“I felt like I came home after a long vacation,” says Katia Peshakova, about the first time she set foot in India in 2007, at the age of 22.
The 31-year-old Russian photographer, who now calls India her home, has been covering weddings in the country for the past four years. She shot her first Indian wedding in 2012, a huge north Indian affair with the usual food, fun and fanfare. Katia recalls, “I found my place among them and at my first few weddings I worked without pay till I established myself as an independent professional, and now a company owner.”
Katia shot her first wedding in 2009 in Moscow. What started as just an interest eventually became the focus of her life. “I was fascinated by it, as with just one wedding I could do fashion photography, people, places. It was part journalism and part anthropology for me,” she explains.
It was not only just what the weddings were about but also their significance. Katia says, “The bride’s children and grandchildren will look upon these memories that capture one of the most important events of her life. That makes us photographers very important people.”
For Katia, wedding photography has also been the means to another end – learning about and absorbing India. “Every wedding is absolutely unique and full of curious small moments, rituals and traditions! I feel like I have become a kind of collector, chasing every new wedding in every new region,” she says. With her bags packed Katia is usually all set to dive into a new wedding every so often in different parts of India.
Katia has shot about 30 weddings so far. The one that stands out the most in her memory was a wedding she covered last September in Himachal. It was an intimate gathering bursting with traditions. “While the couple was from Bengaluru, they went to Palampur to have a traditional pahari wedding. After the main functions, the party went to the groom’s house, where the ceremonies to welcome the bahu took place.
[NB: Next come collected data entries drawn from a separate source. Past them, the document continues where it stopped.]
Local Ltac row_side :=
  try solve [lia | lra | apply rsign_cases | (intros; apply Hb; auto)
    | (apply Rmult_le_pos; [lra| apply Rmult_le_pos; [apply pow_le; lra| lra]])
    | (apply Rmult_le_pos; [lra| apply pow_le; lra])
    | (apply offdiag_left; auto; lia) | (apply offdiag_right; auto)
    | (apply step_small; auto; unfold min_dist; lia)].

Lemma step_absorb y : t0 <= y <= t0 + hh ->
  eps * c / 2 * (y - t0) ^ m <=
  eps * (c * (y - t0) ^ m) - 2 * K * (C * ((y - t0) ^ m * (y - t0))).
Proof. intros Hy. apply absorb_error; auto; try lra. apply pow_le; lra. Qed.

Lemma step_left i : (i < n)%nat -> dist_left n u i = S m -> (S m < dist_right n u i)%nat ->
  forall s, t0 <= s <= t0 + hh ->
  eps * c / 2 / INR (S m) * (s - t0) ^ S m <= rsign (u (left_nz u i)) * z s i.
Proof.
  intros Hi H1 H2.
  destruct (dist_left_pred n u Hnz i m Hi H1 ltac:(lia)) as [Hi1 [Hui _]].
  apply step_integrate; auto. intros y Hy.
  pose proof (step_left_neighbour i Hi H1 ltac:(lia) y Hy) as HN.
  eapply Rle_trans; [apply (step_absorb y Hy)|].
  apply (tri_row_lower_left n (B y) (z y) i K (C * ((y - t0) ^ m * (y - t0))) eps
    (c * (y - t0) ^ m)); row_side.
  intro. apply step_small; auto.
  destruct (dist_left_succ_ge n u i ltac:(lia) ltac:(lia)). unfold min_dist; lia.
Qed.

Lemma step_right i : (i < n)%nat -> dist_right n u i = S m -> (S m < dist_left n u i)%nat ->
  forall s, t0 <= s <= t0 + hh ->
  eps * c / 2 / INR (S m) * (s - t0) ^ S m <= rsign (u (right_nz n u i)) * z s i.
Proof.
  intros Hi H1 H2.
  destruct (dist_right_succ n u Hnz i m Hi H1 ltac:(lia)) as [Hi1 [Hui _]].
  apply step_integrate; auto. intros y Hy.
  pose proof (step_right_neighbour i Hi H1 ltac:(lia) y Hy) as HN.
  eapply Rle_trans; [apply (step_absorb y Hy)|].
  apply (tri_row_lower_right n (B y) (z y) i K (C * ((y - t0) ^ m * (y - t0))) eps
    (c * (y - t0) ^ m)); row_side.
  intro. apply step_small; auto; try lia.
  destruct (dist_right_pred_ge n u i ltac:(lia) Hi ltac:(lia)). unfold min_dist; lia.
Qed.

Lemma step_equal i : (i < n)%nat -> dist_left n u i = S m -> dist_right n u i = S m ->
  0 < u (left_nz u i) * u (right_nz n u i) ->
  forall s, t0 <= s <= t0 + hh ->
  eps * c / 2 / INR (S m) * (s - t0) ^ S m <= rsign (u (left_nz u i)) * z s i.
Proof.
  intros Hi H1 H2 H3.
  destruct (dist_left_pred n u Hnz i m Hi H1 ltac:(lia)) as [Hi1 [Hui _]].
  destruct (dist_right_succ n u Hnz i m Hi H2 ltac:(lia)) as [Hi2 _].
  assert (Esg : rsign (u (right_nz n u i)) = rsign (u (left_nz u i)))
    by (symmetry; apply rsign_same; auto).
  apply step_integrate; auto. intros y Hy.
  pose proof (step_left_neighbour i Hi H1 ltac:(lia) y Hy) as HN.
  pose proof (step_right_neighbour i Hi H2 ltac:(lia) y Hy) as HN2.
  rewrite Esg in HN2.
  assert (0 <= c * (y - t0) ^ m) by (apply Rmult_le_pos; [lra| apply pow_le; lra]).
  eapply Rle_trans; [apply (step_absorb y Hy)|].
  apply (tri_row_lower_both n (B y) (z y) i K (C * ((y - t0) ^ m * (y - t0))) eps
    (c * (y - t0) ^ m)); row_side.
  pose proof (offdiag_right y i ltac:(lia)); lra.
Qed.
End GrowthStep.

Lemma nearest_sign_growth_succ m c h : 0 < c -> 0 < h -> nearest_sign_growth m c h ->
  exists c' h', 0 < c' /\ 0 < h' /\ nearest_sign_growth (S m) c' h'.
Proof.
  intros Hc Hh HL.
  destruct (vanishing_order (S m)) as [C [h2 [HC [Hh2 [Hh21 HU]]]]].
  set (h3 := eps * c / (4 * (K * C + 1))).
  assert (Hh3 : 0 < h3) by (unfold h3; apply Rdiv_lt_0_compat; nra).
  set (hh := Rmin h (Rmin h2 h3)).
  assert (Hhh : 0 < hh) by (unfold hh; repeat apply Rmin_glb_lt; auto).
  assert (hh1 : hh <= h) by apply Rmin_l.
  assert (hh2 : hh <= h2) by (unfold hh; eapply Rle_trans; [apply Rmin_r| apply Rmin_l]).
  assert (hh3 : hh <= h3) by (unfold hh; eapply Rle_trans; [apply Rmin_r| apply Rmin_r]).
  assert (HU' : forall i, (i < n)%nat -> (S m <= min_dist i)%nat ->
    forall s, t0 <= s <= t0 + hh -> Rabs (z s i) <= C * (s - t0) ^ S m)
    by (intros; apply HU; auto; lra).
  assert (HINR : 0 < INR (S m)) by (apply lt_0_INR; lia).
  exists (eps * c / 2 / INR (S m)), hh. split; [apply Rdiv_lt_0_compat; auto; nra|]. split; auto.
  intros i Hi s Hs. split; [|split].
  - intros H1 H2. exact (step_left m c h C hh Hc HL HC HU' Hhh hh1 hh3 i Hi H1 H2 s Hs).
  - intros H1 H2. exact (step_right m c h C hh Hc HL HC HU' Hhh hh1 hh3 i Hi H1 H2 s Hs).
  - intros H1 H2 H3. exact (step_equal m c h C hh Hc HL HC HU' Hhh hh1 hh3 i Hi H1 H2 H3 s Hs).
Qed.

Lemma nearest_sign_growth_all m : exists c h, 0 < c /\ 0 < h /\ nearest_sign_growth m c h.
Proof.
  induction m. apply nearest_sign_growth_0.
  destruct IHm as [c [h [Hc [Hh HL]]]]. apply (nearest_sign_growth_succ m c h); auto.
Qed.

Lemma nearest_sign_right : exists d, 0 < d /\ forall s, t0 < s <= t0 + d -> nearest_sign n u (z s).
Proof.
  destruct (finite_common_delta (S n)
    (fun m d => exists c, 0 < c /\ nearest_sign_growth m c d)) as [d [Hd Hdd]].
  - intros m d d' Hd' [c [Hc H]]. exists c; split; auto. eapply nearest_sign_growth_shrink; eauto.
  - intros m _. destruct (nearest_sign_growth_all m) as [c [h [Hc [Hh H]]]]. exists h; split; auto.
    exists c; auto.
  - exists d. split; auto. intros s Hs i Hi.
    assert (Pp : forall m, 0 < (s - t0) ^ m) by (intro; apply pow_lt; lra).
    pose proof (dist_left_le n u i Hi) as Q1. pose proof (dist_right_le n u i ltac:(lia)) as Q2.
    split; [|split].
    + intro H. destruct (Hdd (dist_left n u i) ltac:(lia)) as [c [Hc HL]].
      destruct (HL i Hi s ltac:(lra)) as [H1 _]. specialize (H1 eq_refl H).
      destruct (dist_left_finite n u i Hi ltac:(lia)) as [Hu _].
      apply rsign_prod; auto. pose proof (Pp (dist_left n u i)). nra.
    + intro H. destruct (Hdd (dist_right n u i) ltac:(lia)) as [c [Hc HL]].
      destruct (HL i Hi s ltac:(lra)) as [_ [H1 _]]. specialize (H1 eq_refl H).
      destruct (dist_right_finite n u i ltac:(lia)) as [Hr _].
      apply rsign_prod; auto. apply right_nz_nonzero; auto. pose proof (Pp (dist_right n u i)). nra.
    + intros H Hp.
      assert (Hu : u (left_nz u i) <> 0) by (intro E; rewrite E in Hp; lra).
      assert (HLn : (dist_left n u i < n)%nat).
      { unfold dist_left, has_left_nz. destruct Req_EM_T. contradiction.
        pose proof (left_nz_le u i). lia. }
      destruct (Hdd (dist_left n u i) ltac:(lia)) as [c [Hc HL]].
      destruct (HL i Hi s ltac:(lra)) as [_ [_ H1]]. specialize (H1 eq_refl (eq_sym H) Hp).
      apply rsign_prod; auto. pose proof (Pp (dist_left n u i)). nra.
Qed.

Lemma forward_drop : exists d, 0 < d /\ forall s, t0 < s <= t0 + d ->
  forall k, Smax_ge n (z s) k -> Smin_ge n (z t0) k.
Proof.
  destruct nearest_sign_right as [d [Hd H]]. exists d. split; auto. intros s Hs k HW.
  apply (Smin_ge_of_nearest_sign n u (z s) k); auto.
Qed.
End LocalDrop.

(** * Time reversal and the backward drop *)

Lemma pow_m1_odd i : (-1) ^ (i + (i + 1)) = -1.
Proof. rewrite pow_add, pow_add, <- Rmult_assoc, pow_m1_sq. simpl. ring. Qed.

Section TimeReversal.
Variables (n : nat) (A : R -> nat -> nat -> R) (x : R -> nat -> R) (K eps t0 : R).
Hypothesis Htri : tridiagonal n A.
Hypothesis HK : 0 <= K.
Hypothesis Hb : forall t i j, (i < n)%nat -> (j < n)%nat -> Rabs (A t i j) <= K.
Hypothesis Heps : 0 < eps.
Hypothesis Hoff : forall t i, (i + 1 < n)%nat -> eps <= A t i (i + 1)%nat /\
  eps <= A t (i + 1)%nat i.
Hypothesis Hsol : is_solution n A x.
Hypothesis Hnz : exists j, (j < n)%nat /\ x t0 j <> 0.

(** Reversing time: [tau |-> D x(t0 - tau)] solves a tridiagonal system with
    matrix [-D A(t0 - tau) D], whose off-diagonal entries are again [>= eps]. *)
Definition reversed_solution (tau : R) (i : nat) : R := (-1) ^ i * x (t0 - tau) i.
Definition reversed_matrix (tau : R) (i j : nat) : R := - ((-1) ^ (i + j)) * A (t0 - tau) i j.

Lemma reversed_solves : is_solution n reversed_matrix reversed_solution.
Proof.
  intros tau i Hi.
  assert (E : matvec n (reversed_matrix tau) (reversed_solution tau) i = (-1) ^ i * (matvec n
      (A (t0 - tau)) (x (t0 - tau)) i * -1)).
  { unfold matvec, reversed_matrix, reversed_solution.
    match goal with |- _ = (-1) ^ i * (sumR n ?f * -1) =>
      replace ((-1) ^ i * (sumR n f * -1)) with (((-1) ^ i * -1) * sumR n f) by ring end.
    rewrite <- sumR_scal. apply sumR_ext.
    intros j Hj. rewrite pow_add.
    replace (- ((-1) ^ i * (-1) ^ j) * A (t0 - tau) i j * ((-1) ^ j * x (t0 - tau) j)) with
      (- ((-1) ^ i * ((-1) ^ j * (-1) ^ j)) * A (t0 - tau) i j * x (t0 - tau) j) by ring.
    rewrite pow_m1_sq. ring. }
  rewrite E. unfold reversed_solution. apply derivable_pt_lim_scal.
  apply (derivable_pt_lim_comp (fun s => t0 - s) (fun s => x s i)).
  - replace (-1) with (0 - 1) by ring. apply derivable_pt_lim_minus.
    apply derivable_pt_lim_const. apply derivable_pt_lim_id.
  - apply Hsol; auto.
Qed.

Lemma reversed_tridiagonal : tridiagonal n reversed_matrix.
Proof. intros t i j Hi Hj H. unfold reversed_matrix. rewrite Htri; auto. ring. Qed.
Lemma reversed_bounded : forall t i j, (i < n)%nat -> (j < n)%nat ->
  Rabs (reversed_matrix t i j) <= K.
Proof. intros. unfold reversed_matrix. rewrite Rabs_mult, Rabs_Ropp, pow_1_abs, Rmult_1_l. auto.
  Qed.
Lemma reversed_offdiag : forall t i, (i + 1 < n)%nat -> eps <= reversed_matrix t i (i + 1)%nat /\
  eps <= reversed_matrix t (i + 1)%nat i.
Proof.
  intros t i H. unfold reversed_matrix. rewrite pow_m1_odd.
  replace (i + 1 + i)%nat with (i + (i + 1))%nat by lia. rewrite pow_m1_odd.
  destruct (Hoff (t0 - t) i H). split; lra.
Qed.

Lemma reversed_nonzero : exists j, (j < n)%nat /\ reversed_solution 0 j <> 0.
Proof.
  destruct Hnz as [j [Hj H]]. exists j. split; auto. unfold reversed_solution. rewrite Rminus_0_r.
  intro E. apply Rmult_integral in E as [E|E]; auto.
  apply (pow_nonzero (-1) j); auto; lra.
Qed.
The entire wedding procession climbed up the hill to worship the groom’s ancestors, and celebrate the entire wedding in forest with pahari traditional music and dance. That’s the time I felt exactly why I was in India and why I wanted to become a wedding photographer,” Katia recalls.
Growing up in Russia
Katia’s love and enthusiam for India and photography may stem from the fact that she was exposed to both at an early age. Born in Krasnodar in south Russia, her exposure to photography started early through her father, who was a photographer himself. Her family lived in a tiny one-bedroom apartment, and due to the lack of space a thin wooden wall divided the room into two, with one half forming a makeshift photo studio for her dad. She recalls how he would convert the washroom into his dark room.
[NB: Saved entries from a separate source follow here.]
Lemma sample_score_sigma_bound n x mu s a b e :
  (2 <= n)%nat -> strictly_ordered n x -> relative_position n x mu s a b ->
  0 < e < 1 -> Rabs a <= e -> 1 - e <= b ->
  forall j, (j < n)%nat -> score_sigma (x j - mu) s <= 2 * e.
Proof.
  intros Hn Hx [Ha Hb] He Hae Hbe j Hj.
  set (lo := x 0%nat) in *; set (hi := x (n - 1)%nat) in *.
  assert (Hlo : lo <= x j) by (apply (strictly_ordered_le n x Hx); lia).
  assert (Hhi : x j <= hi) by (apply (strictly_ordered_le n x Hx); lia).
  assert (Hspread : lo < hi).
  { assert (lo < x 1%nat) by (apply Hx; lia).
    assert (x 1%nat <= hi) by (apply (strictly_ordered_le n x Hx); lia). lra. }
  set (c := (lo + hi) / 2); set (h := (hi - lo) / 2).
  assert (Hmu : mu - c = a * h) by (rewrite Ha; unfold c, h; field; lra).
  assert (Hs : s = b * h) by (rewrite Hb; unfold h; field; lra).
  apply (score_sigma_le_near_center c h); [unfold h; lra | exact He | | |].
  - apply Rabs_le. unfold c, h. lra.
  - rewrite Hmu, Rabs_mult, (Rabs_right h) by (unfold h; lra).
    apply Rmult_le_compat_r; [unfold h; lra | exact Hae].
  - rewrite Hs. apply Rmult_le_compat_r; [unfold h; lra | exact Hbe].
Qed.

Lemma abs_le_of_sq_lt x e : 0 < e -> x ^ 2 < e ^ 2 -> Rabs x <= e.
Proof. intros He Hx. apply Rabs_le. split; nra. Qed.

Lemma mle_relative_position_odd n : (3 <= n)%nat -> Nat.Odd n ->
  exists eps : R, 0 < eps /\
    forall a b : R, 0 < b -> a ^ 2 + (b - 1) ^ 2 < eps ^ 2 ->
      ~ (exists x : nat -> R, strictly_ordered n x /\ mle_relative_position n x a b).
Proof.
  intros Hn Hodd.
  assert (HN : 3 <= INR n) by (replace 3 with (INR 3) by (simpl; ring); apply le_INR; exact Hn).
  (* 2 e = 1 / n^2 is the bound eta on the sigma-scores; it makes n ((n - 1) eta)^2 < 1. *)
  set (e := / (2 * INR n ^ 2)).
  assert (He : 0 < e < 1).
  { unfold e. split; [apply Rinv_0_lt_compat; nra|].
    rewrite <- Rinv_1. apply Rinv_lt_contravar; nra. }
  exists e. split; [lra|].
  intros a b Hb Hab [x [Hx [mu [s [Hmle Hrel]]]]].
  pose proof (pow2_ge_0 a); pose proof (pow2_ge_0 (b - 1)).
  assert (Hae : Rabs a <= e) by (apply abs_le_of_sq_lt; lra).
  assert (Hbe : 1 - e <= b).
  { assert (Hb1 : Rabs (b - 1) <= e) by (apply abs_le_of_sq_lt; lra).
    apply Rabs_le_between in Hb1. lra. }
  destruct (mle_score_equations n x mu s Hmle) as [Smu Ssigma].
  apply (odd_unit_vectors_unbalanced (fun j => score_sigma (x j - mu) s)
           (fun j => score_mu (x j - mu) s) (2 * e) n Hodd); [lia | | | | exact Ssigma | exact Smu].
  - unfold e. replace (2 * / (2 * INR n ^ 2)) with (/ INR n ^ 2) by (field; lra).
    apply (Rmult_lt_reg_r (INR n ^ 3)); [apply pow_lt; lra|].
    replace (INR n * ((INR n - 1) * / INR n ^ 2) ^ 2 * INR n ^ 3) with ((INR n - 1) ^ 2)
      by (field; lra).
    nra.
  - intros j _. rewrite Rplus_comm. apply score_unit, (proj1 Hmle).
  - apply (sample_score_sigma_bound n x mu s a b e);
      [lia | exact Hx | exact Hrel | exact He | exact Hae | exact Hbe].
Qed.

Theorem mainTheorem11 :
  (forall n : nat, (4 <= n)%nat -> Nat.Even n ->
     forall a b : R, 0 < b -> a ^ 2 + b ^ 2 < 1 ->
       exists x : nat -> R, strictly_ordered n x /\ mle_relative_position n x a b)
  /\
  (forall n : nat, (3 <= n)%nat -> Nat.Odd n ->
     exists eps : R, 0 < eps /\
       forall a b : R, 0 < b -> a ^ 2 + (b - 1) ^ 2 < eps ^ 2 ->
         ~ (exists x : nat -> R, strictly_ordered n x /\ mle_relative_position n x a b)).
Proof. split; [exact mle_relative_position_even | exact mle_relative_position_odd]. Qed.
And so, at ten, Katia decided to become a photojournalist. When her father passed away a year later she and her mother moved to the coast of Black Sea to a beautiful town surrounded by mountains and the Black Sea. Katia began to take her camera along on her walks, photographing flowers and butterflies.
Her dad her left her his old Zenit (an old school film camera) and a very important piece of advice – “don’t be afraid to start a new adventure and fight for your dreams.” And that is something she has held on to. Even today her motto is to follow her dreams.
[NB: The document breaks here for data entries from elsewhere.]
Lemma dL_i_iji f u : dL a d q i (ser_iji i j f) u = ser_iji i j (dLi_iji f) u.
Proof.
elim: u f => [|x u IH] f; first by rewrite dL_nil ser_iji_cons_i.
rewrite dL_cons //; case: (eqVneq x i) => [->|xi].
  have -> : (fun v => ser_iji i j f (i :: v)) = ser_iji i j (fun A B => f A.+1 B).
    by apply: functional_extensionality => v; rewrite ser_iji_cons_i.
  rewrite -/q_ii !ser_iji_cons_i // IH /ser_iji.
  case: ifP => _; last by rewrite mulr0 addr0.
  rewrite /dLi_iji; set A := index _ _; set B := (_ - _)%N.
  by rewrite [qint A.+2]qintS exprS; ring.
case: (eqVneq x j) => [->|xj]; last first.
  rewrite ser_iji_cons_i // !ser_iji_cons // add0r dL_eq0 ?mulr0 // => v.
  exact: ser_iji_cons.
have -> : (fun v => ser_iji i j f (j :: v)) = ser_iN i (f 0%N).
  by apply: functional_extensionality => v; rewrite ser_iji_cons_j.
rewrite -/q_ij ser_iji_cons_i // !ser_iji_cons_j // dL_i_iN /ser_iN.
case: ifP => _; last by rewrite mulr0 addr0.
by rewrite /dLi_iji /dLi_iN [qint 1]/qint big_ord1 !expr0; ring.
Qed.

End CoefficientOperators.

Section StarProducts.
Variables (I : finType) (K : fieldType) (a : I -> I -> int) (d : I -> nat).
Variables (q : K) (tau : I -> I) (c : I -> K) (i j : I).
Hypotheses (q_neq0 : q != 0) (neq_ij : i != j) (tau_i : tau i = i) (tau_j : tau j != i).

Local Notation kappa_i := (kappa a d q tau c i).

Definition starFi_iN g n := shift_iN g n - kappa_i * dLi_iN a d q i g n.
Definition starFi_iji f A B := shift_iji f A B - kappa_i * dLi_iji a d q i j f A B.

Definition star1_coef s := iter s starFi_iN (fun n => (n == 0%N)%:R).
Definition star_coef r s := iter r starFi_iji (lmul_j (star1_coef s)).

Lemma starF_i_embT s :
  starF a d q tau c i (embT s) =
  embT (fun u => ser_mul (ser_word K [:: i]) s u - kappa_i * dL a d q i s u).
Proof.
apply: functional_extensionality => nu; apply: functional_extensionality => u.
rewrite /starF /embT /beta tau_i subrr subr0.
case: eqP => [->|_]; first by rewrite bform0l expr0z !mul1r mulr1.
by rewrite ser_mul_letter0 dL_eq0 // !mulr0 subr0.
Qed.

Lemma starF_j_iN g :
  starF a d q tau c j (embT (ser_iN i g)) = embT (ser_iji i j (lmul_j g)).
Proof.
apply: functional_extensionality => nu; apply: functional_extensionality => u.
rewrite /starF.
have -> : dL a d q (tau j) (embT (ser_iN i g) (nu - beta tau j)) u = 0.
  by rewrite /embT; case: ifP => _; [apply: dL_iN_neq | apply: dL_eq0].
rewrite mulr0 subr0 /embT.
case: eqP => [->|_]; first by rewrite bform0l expr0z mul1r ser_mul_j_iN.
by rewrite ser_mul_letter0 mulr0.
Qed.

Lemma iter_starF_i_iN s g :
  iter s (starF a d q tau c i) (embT (ser_iN i g)) =
  embT (ser_iN i (iter s starFi_iN g)).
Proof.
elim: s => //= s ->; rewrite starF_i_embT; congr embT.
apply: functional_extensionality => u.
rewrite ser_mul_i_iN dL_i_iN // /ser_iN; case: ifP => _ //.
by rewrite mulr0 subr0.
Qed.

Lemma iter_starF_i_iji r f :
  iter r (starF a d q tau c i) (embT (ser_iji i j f)) =
  embT (ser_iji i j (iter r starFi_iji f)).
Proof.
elim: r => //= r ->; rewrite starF_i_embT; congr embT.
apply: functional_extensionality => u.
rewrite ser_mul_i_iji // dL_i_iji // /ser_iji; case: ifP => _ //.
by rewrite mulr0 subr0.
Qed.

Lemma star_monoE r s :
  star_mono a d q tau c i j r s = embT (ser_iji i j (star_coef r s)).
Proof.
rewrite /star_mono.
have -> : embT (ser_word K [::]) = embT (ser_iN i (fun n => (n == 0%N)%:R)).
  by congr embT; apply: functional_extensionality => u; rewrite (ser_word_nil _ i).
by rewrite iter_starF_i_iN starF_j_iN iter_starF_i_iji.
Qed.

Definition expand_coef (w : {poly {poly K}}) A B :=
  \sum_(s < size w) \sum_(r < size w`_s) (w`_s)`_r * star_coef r s A B.

Lemma expansion_coefP m n w :
  expansion a d q tau c i j m n w <->
  forall A B, expand_coef w A B = delta2 K m n A B.
Proof.
have star_mono_at nu u r s : star_mono a d q tau c i j r s nu u =
    if nu == 0 then ser_iji i j (star_coef r s) u else 0.
  by rewrite star_monoE /embT; case: eqP.
split=> [ew A B|ew].
  move: (congr1 (fun F => F 0 (nseq A i ++ j :: nseq B i)) ew).
  rewrite /= /embT eqxx ser_word_iji // ser_iji_word // => ->.
  by apply: eq_bigr => s _; apply: eq_bigr => r _; rewrite star_mono_at eqxx ser_iji_word.
apply: functional_extensionality => nu; apply: functional_extensionality => u.
rewrite /embT; case: eqP => [->|/eqP nz]; last first.
  by rewrite big1 // => s _; rewrite big1 // => r _; rewrite star_mono_at (negbTE nz) /= mulr0.
rewrite ser_word_iji //.
case: (boolP (iji_word i j u)) => [/(iji_wordP neq_ij) [A [B ->]]|not_iji].
  rewrite ser_iji_word // -ew; apply: eq_bigr => s _; apply: eq_bigr => r _.
  by rewrite star_mono_at eqxx ser_iji_word.
rewrite ser_iji_nonword // big1 // => s _; rewrite big1 // => r _.
by rewrite star_mono_at eqxx ser_iji_nonword // mulr0.
Qed.

Local Notation qint_i := (qint a d q i).
Local Notation q_ii := (q_ii a d q i).
Local Notation q_ij := (q_ij a d q i j).

Lemma starFi_iN_sum (T : finType) (G : T -> nat -> K) n :
  starFi_iN (fun x => \sum_(k : T) G k x) n = \sum_(k : T) starFi_iN (G k) n.
Proof.
rewrite /starFi_iN /dLi_iN sumrB !mulr_sumr; congr (_ - _).
by case: n => [|n] //=; rewrite big1.
Qed.

Lemma starFi_iN_scale (x : K) g n : starFi_iN (fun k => x * g k) n = x * starFi_iN g n.
Proof. by rewrite /starFi_iN /shift_iN /dLi_iN; case: n => [|n]; ring. Qed.

Lemma starFi_iji_sum (T : finType) (G : T -> nat -> nat -> K) A B :
  starFi_iji (fun x y => \sum_(k : T) G k x y) A B = \sum_(k : T) starFi_iji (G k) A B.
Proof.
rewrite /starFi_iji /dLi_iji sumrB; congr (_ - _).
  by case: A => [|A] //=; rewrite big1.
by rewrite !mulr_sumr -big_split mulr_sumr; apply: eq_bigr => k _; rewrite mulrDr.
Qed.

Lemma starFi_iji_scale (x : K) f A B :
  starFi_iji (fun y z => x * f y z) A B = x * starFi_iji f A B.
Proof. by rewrite /starFi_iji /shift_iji /dLi_iji; case: A => [|A]; ring. Qed.

Definition expand1_coef (P : {poly K}) n :=
  \sum_(s < size P) P`_s * star1_coef s n.

Lemma expand1_coef_bound (P : {poly K}) N n : (size P <= N)%N ->
  expand1_coef P n = \sum_(s < N) P`_s * star1_coef s n.
Proof.
move=> le_PN; apply: (sum_ord_widen (F := fun s => P`_s * star1_coef s n)) => // k le_Pk.
by rewrite nth_default ?mul0r.
Qed.

Lemma expand1_coef0 n : expand1_coef 0 n = 0.
Proof. by rewrite /expand1_coef size_poly0 big_ord0. Qed.

Lemma expand1_coefD (P1 P2 : {poly K}) n :
  expand1_coef (P1 + P2) n = expand1_coef P1 n + expand1_coef P2 n.
Proof.
set N := maxn (size P1) (size P2).
rewrite (@expand1_coef_bound P1 N) ?leq_maxl // (@expand1_coef_bound P2 N) ?leq_maxr //.
rewrite (@expand1_coef_bound _ N) ?size_polyD // -big_split; apply: eq_bigr => s _.
by rewrite coefD mulrDl.
Qed.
Along with photography, Katia discovered books on India at a young age. These books were mostly by Russian authors who had spent considerable time in India, not as tourists but as explorers.
One book was by a Russian woman who lived in rural Bengal and wrote about her daily life there. Another favourite book of Katia’s was on the Toda tribe settled on the mountains between Tamil Nadu and Karnataka, not far from Ooty, and the challenges the tribe faced.
It were these books and the experiences that fuelled her desire to live in India, and be a part of the culture. “I wanted to become like these authros –be a part of India, experience it not as a tourist but as loving child of India,” Katia says. By 16, she had learnt about the ISKON and Hare Krishna community and could drape a saree.
At home in India
One afternoon she landed in Delhi and headed to Aurobindo Ashram from the airport right in the middle of Holi celebrations.
Katia now resides in east Delhi, wears Indian outfits most of the time and speaks perfect Hindi.
Ask her if it has ever been a challenge to find work because she is from Russia, and pat comes the response –“I have never seen the question this way. I am an artiste; to judge my work, people can see my portfolio. Also, that showcases my ability to understand Indian culture and weddings, traditions and dress code. I guess there are some weddings to which I naturally won’t suit, but my customers are broad-minded, well-travelled or are even settled abroad. So I never feel the need to convince someone to take me seriously.”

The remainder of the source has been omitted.